(TASK INSTRUCTIONS) Starting from the line that holds "From mathcomp Require", print every line through the end of the records, first and last included.

(Saved data entries)
(* Consider a charging station with a finite set $\mathcal{V}$ of electric vehicles (EVs) over discrete time slots $t\in\{1,\dots,T\}$, with the per-EV data and the set $\mathcal{F}_c$ described in the context. Let $(\{\hat p_{d,t}\}_t,\{\check p_{d,t}\}_t)$ be the upper and lower aggregate power trajectories obtained from problem P1 (in particular they belong to $\mathcal{F}_c$, together with some individual trajectories $\hat p^c_{v,t},\hat e_{v,t},\check p^c_{v,t},\check e_{v,t}$ witnessing membership). Then for every aggregate EV charging power trajectory $\{p_{d,t}\}_{t}$ satisfying $\check p_{d,t}\le p_{d,t}\le \hat p_{d,t}$ for all $t$, there always exists a disaggregate, feasible charging strategy for the individual EVs, i.e. individual charging powers $p^c_{v,t}$ and energy levels $e_{v,t}$ such that: $p_{d,t}=\sum_{v\in\mathcal{V}}p^c_{v,t}$ for all $t$; $0\le p^c_{v,t}\le \bar p_v$ for all $v$ and $t\in[t_v^a,t_v^d]$; $e_{v,t+1}=e_{v,t}+\eta_c p^c_{v,t}\Delta t$ for all $v$ and $t\neq T$; $e_{v,t_v^a}=e_v^a$ and $e_{v,t_v^d}\ge e_v^d$ for all $v$; $\underline e_v\le e_{v,t}\le \bar e_v$ for all $v,t$; and $p^c_{v,t}=0$ for all $v$ and $t\notin[t_v^a,t_v^d]$.
   Context: Each EV $v\in\mathcal{V}$ has arrival time slot $t_v^a$, departure time slot $t_v^d$, initial energy $e_v^a$ at $t_v^a$, required energy $e_v^d$ at departure, maximum charging power $\bar p_v\ge 0$, energy bounds $\underline e_v\le \bar e_v$; $\eta_c>0$ is the charging efficiency and $\Delta t>0$ the slot length. The set $\mathcal{F}_c$ consists of all trajectories $\{\hat p_{d,t},\check p_{d,t}\}_t$ for which there exist $\hat p^c_{v,t},\hat e_{v,t},\check p^c_{v,t},\check e_{v,t}$ with: $\hat p_{d,t}=\sum_{v}\hat p^c_{v,t}$; $0\le\hat p^c_{v,t}\le\bar p_v$ for $t\in[t_v^a,t_v^d]$; $\hat e_{v,t+1}=\hat e_{v,t}+\eta_c\hat p^c_{v,t}\Delta t$ for $t\ne T$; $\hat e_{v,t_v^a}=e_v^a$, $\hat e_{v,t_v^d}\ge e_v^d$; $\underline e_v\le\hat e_{v,t}\le\bar e_v$; the identical constraints for the checked quantities $\check p_{d,t},\check p^c_{v,t},\check e_{v,t}$; $\check p_{d,t}\le\hat p_{d,t}$ for all $t$; and $\hat p^c_{v,t}=\check p^c_{v,t}=0$ for $t\notin[t_v^a,t_v^d]$. Problem P1 maximizes the long-run time-average expected value $\lim_{T\to\infty}\frac1T\sum_{t=1}^T\mathbb{E}[(\pi^e_t+\pi^c_t\rho_t)(\hat p_{d,t}-\check p_{d,t})]$ over $\mathcal{F}_c$, where $\pi^e_t$ is the electricity price, $\pi^c_t$ the carbon price and $\rho_t$ the grid carbon intensity at time $t$. *)

From HB Require Import structures.
From mathcomp Require Import all_boot all_order all_algebra.
Set Implicit Arguments. Unset Strict Implicit. Unset Printing Implicit Defensive.
Import Order.TTheory GRing.Theory Num.Theory.
Local Open Scope ring_scope.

(RESPONSE)
From mathcomp Require Import all_boot all_order all_algebra.
Set Implicit Arguments. Unset Strict Implicit. Unset Printing Implicit Defensive.
Import Order.TTheory GRing.Theory Num.Theory.
Local Open Scope ring_scope.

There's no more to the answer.